Duret’s emphasis, in other words, falls squarely on the notion of continuity with the art of the previous decades: there has taken place a significant evolution, but by no means a break with the art of major predecessors. In this his thinking is in line with that of the other art critics of his time who were at all sympathetic to the young painters in question. Equally to the point, it is in line with the assumptions of the small army of modern art historians who have made Impressionism their specialty (many of them students of Robert Herbert, a major scholar of the subject).

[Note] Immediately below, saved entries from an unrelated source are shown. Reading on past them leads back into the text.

Lemma tilt_weight_stable (R : realFieldType) (I : finType) (zeta : R) (lambda : I -> R)
    (mu : {ffun I -> bool} -> R) w :
  (forall x, 0 <= mu x) -> completely_marginally_stable zeta mu ->
  (forall j, 0 < lambda j <= 1) -> 0 < mu w ->
  marginally_stable zeta (tilt_weight lambda mu).
Proof.
move=> mu_ge0 cms lambda_01 mu_w_gt0.
have Lambda_gt0 (x : {ffun I -> bool}) : 0 < \prod_(j | x j) lambda j.
  by apply: prodr_gt0 => j _; case/andP: (lambda_01 j).
have N_gt0 : 0 < \sum_x tilt_weight lambda mu x.
  rewrite /tilt_weight (bigD1 w) //= ltr_wpDr ?mulr_gt0 //.
  by apply: sumr_ge0 => x _; apply: mulr_ge0 => //; apply: ltW.
apply: (marginally_stable_scale (c := (\sum_x tilt_weight lambda mu x)^-1) _ _
  (cms _ lambda_01)) => //.
by rewrite invr_gt0.
Qed.

Lemma pin_of_not_pos (R : realDomainType) (g : bool -> R) wb :
  (forall b, 0 <= g b) -> 0 < g wb -> ~~ ((0 < g true) && (0 < g false)) ->
  forall b, g b = g wb * (b == wb)%:R.
Proof.
move=> g_ge0 g_wb_gt0 not_pos b; have [->|b_neq] := eqVneq b wb; first by rewrite mulr1.
rewrite mulr0; apply/eqP; rewrite eq_le g_ge0 andbT; apply: contraR not_pos.
by rewrite -ltNge; case: b wb b_neq g_wb_gt0 => [] [] // _ -> ->.
Qed.

Section SitePartition.
Variables (R : realFieldType) (I : finType) (mu : {ffun I -> bool} -> R) (i : I).
Implicit Types (e f : I -> bool -> R) (x w : {ffun I -> bool}).

Definition offsite_weight e x := \prod_(j | j != i) e j (x j).

Definition site_partition e b :=
  \sum_(x : {ffun I -> bool} | x i == b) mu x * offsite_weight e x.

Definition admissible e := forall j, (e j true <= e j false) || (e j false == 0).

Lemma offsite_weight_ge0 e x : (forall j b, 0 <= e j b) -> 0 <= offsite_weight e x.
Proof. by move=> e_ge0; apply: prodr_ge0. Qed.

Lemma offsite_weight_gt0 e x j : (forall j b, 0 <= e j b) ->
  0 < offsite_weight e x -> j != i -> 0 < e j (x j).
Proof.
move=> e_ge0 E_gt0 ji; rewrite lt_def e_ge0 andbT; apply: contraTneq E_gt0 => ej0.
by rewrite /offsite_weight (bigD1 j) //= ej0 mul0r ltxx.
Qed.

Lemma offsite_weight_upd e x b : offsite_weight e (upd x i b) = offsite_weight e x.
Proof. by apply: eq_bigr => j ji; rewrite ffunE (negbTE ji). Qed.

Hypothesis mu_ge0 : forall x, 0 <= mu x.

Lemma site_partition_ge0 e b : (forall j b, 0 <= e j b) -> 0 <= site_partition e b.
Proof. by move=> e_ge0; apply: sumr_ge0 => x _; rewrite mulr_ge0 ?offsite_weight_ge0. Qed.

Lemma site_partition_offsite e e' b : (forall j, j != i -> e j =1 e' j) ->
  site_partition e b = site_partition e' b.
Proof.
by move=> ee'; apply: eq_bigr => x _; congr (_ * _); apply: eq_bigr => j /ee'.
Qed.

Lemma sum_prod_field_split e :
  \sum_(x : {ffun I -> bool}) mu x * \prod_j e j (x j) =
  e i true * site_partition e true + e i false * site_partition e false.
Proof.
rewrite (bigID (fun x : {ffun I -> bool} => x i)) /= !mulr_sumr.
congr (_ + _); apply: eq_big => x.
- by rewrite eqb_id.
- by move=> xi; rewrite (bigD1 i) //= xi mulrCA.
- by rewrite eqbF_neg.
- by move/negbTE=> xi; rewrite (bigD1 i) //= xi mulrCA.
Qed.

Lemma site_partition_false e :
  site_partition e false =
  \sum_(x : {ffun I -> bool} | x i) mu (upd x i false) * offsite_weight e x.
Proof.
have flipK : involutive (fun x : {ffun I -> bool} => upd x i (~~ x i)).
  by move=> x; apply/ffunP => j; rewrite !ffunE eqxx negbK; case: eqP => [->|].
rewrite /site_partition (reindex_inj (inv_inj flipK)) /=.
apply: eq_big => [x|x]; rewrite ffunE eqxx; first by case: (x i).
by rewrite offsite_weight_upd; case: (x i).
Qed.

Variable zeta : R.
Hypotheses (zeta_ge0 : 0 <= zeta) (cms : completely_marginally_stable zeta mu).

Lemma cms_flip w : w i -> mu w <= zeta * mu (upd w i false).
Proof.
move=> wi; have [->|mu_w_neq0] := eqVneq (mu w) 0; first by rewrite mulr_ge0.
have mu_w_gt0 : 0 < mu w by rewrite lt_def mu_w_neq0 mu_ge0.
have one_01 (j : I) : 0 < (1 : R) <= 1 by rewrite ltr01 lexx.
have stable := tilt_weight_stable mu_ge0 cms one_01 mu_w_gt0.
have nuE x : tilt_weight (fun=> 1) mu x = mu x by rewrite /tilt_weight big1 ?mulr1.
have nu_ge0 x : 0 <= tilt_weight (fun=> 1) mu x by rewrite nuE.
have nu_w_gt0 : 0 < tilt_weight (fun=> 1) mu w by rewrite nuE.
by have [_] := stable_flip nu_ge0 stable wi nu_w_gt0; rewrite !nuE.
Qed.

Lemma site_partition_le e : (forall j b, 0 <= e j b) ->
  site_partition e true <= zeta * site_partition e false.
Proof.
move=> e_ge0; rewrite site_partition_false mulr_sumr /site_partition.
rewrite (eq_bigl (fun x : {ffun I -> bool} => x i)) => [|x]; last by rewrite eqb_id.
apply: ler_sum => x xi; rewrite mulrA ler_wpM2r ?offsite_weight_ge0 //.
exact: cms_flip.
Qed.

Simply put, my aim in this essay is to trouble that consensus, reasonable as it sounds, as distinguished as its pedigree undoubtedly is. Specifically, I want to suggest that the advent of Impressionism around 1870 marks a fundamental break in what I will call the dialectical continuity of French painting going back to the middle of the eighteenth century, when a new conception of the absorptive and dramatic tableau came to the fore in the paintings of Jean-Baptiste Greuze (themselves inconceivable apart from the precedent of the genre paintings of Jean-Baptiste-Siméon Chardin) and the art critical and theoretical writings of the polymath philosophe Denis Diderot, the founder of art criticism as we know it. This is the fateful development analyzed in my 1980 book, Absorption and Theatricality: Painting and Beholder in the Age of Diderot, in which I argue (I would like to think I demonstrate) that starting in the mid-1750s and 1760s in France the art of painting found it necessary to confront a new imperative: to find the means to suspend or neutralize—to somehow wall off—the now suddenly distracting presence of the beholder; or to put this slightly differently, to somehow establish the supreme fiction or ontological illusion that the beholder does not exist, that there is no one standing before the painting.2 I describe this imperative in terms of a need to stave off, if possible to overcome, a newly distinct danger of theatricality. And I argue that this was to be accomplished with the aide of two principal strategies: first, the thematization of absorption, which is to say the depiction of personages each of whom was felt to be entirely caught up (absorbed) in whatever was understood to be taking place within the representation; and second, the promotion of a new, more exigent ideal of dramatic unity, according to which all the elements in the painting were directed toward a single dramatic end, thereby achieving a compositional effect of closure vis-à-vis the beholder.3
In two subsequent books, Courbet’s Realism (1990) and Manet’s Modernism, or, The Face of Painting in the 1860s (1996), as well as in several essays in Another Light: From Jacques-Louis David to Thomas Demand (2014), I carry the argument roughly a century further, in an attempt to show how a succession of major painters—at a minimum, Jacques-Louis David, Théodore Géricault, and Gustave Courbet—found themselves compelled to come to grips with ever more severe stages of the same fundamental problem, until with the advent of Edouard Manet in the early 1860s the very basis of the Diderotian project, the suspension or neutralizing of the beholder, proved no longer tenable.4 At that point it became necessary for Manet (so I argue) to take a radically different tack by acknowledging the presence of the beholder with a new pointedness, in effect striving to assert the painting’s facing character to a degree that contemporary viewers found positively disorienting. (Also, by virtue of that facingness, to assert a new striking power vis-à-vis the beholder.) Indeed I suggest that much of the resistance to Manet’s painting in the 1860s was based precisely on this dynamic: thus critics of the Olympia seem to have felt personally assaulted by the protagonist’s impassive gaze and equally impassive naked self-display as well as by the starkly contrasted areas of light and dark (with a minimum of modulating values) that blatantly and in a sense defiantly violated accepted norms—not to mention the free brushwork that in certain areas, such as the bouquet presented to Olympia by her black maid, defied the expectation of a certain consistency of execution throughout the picture.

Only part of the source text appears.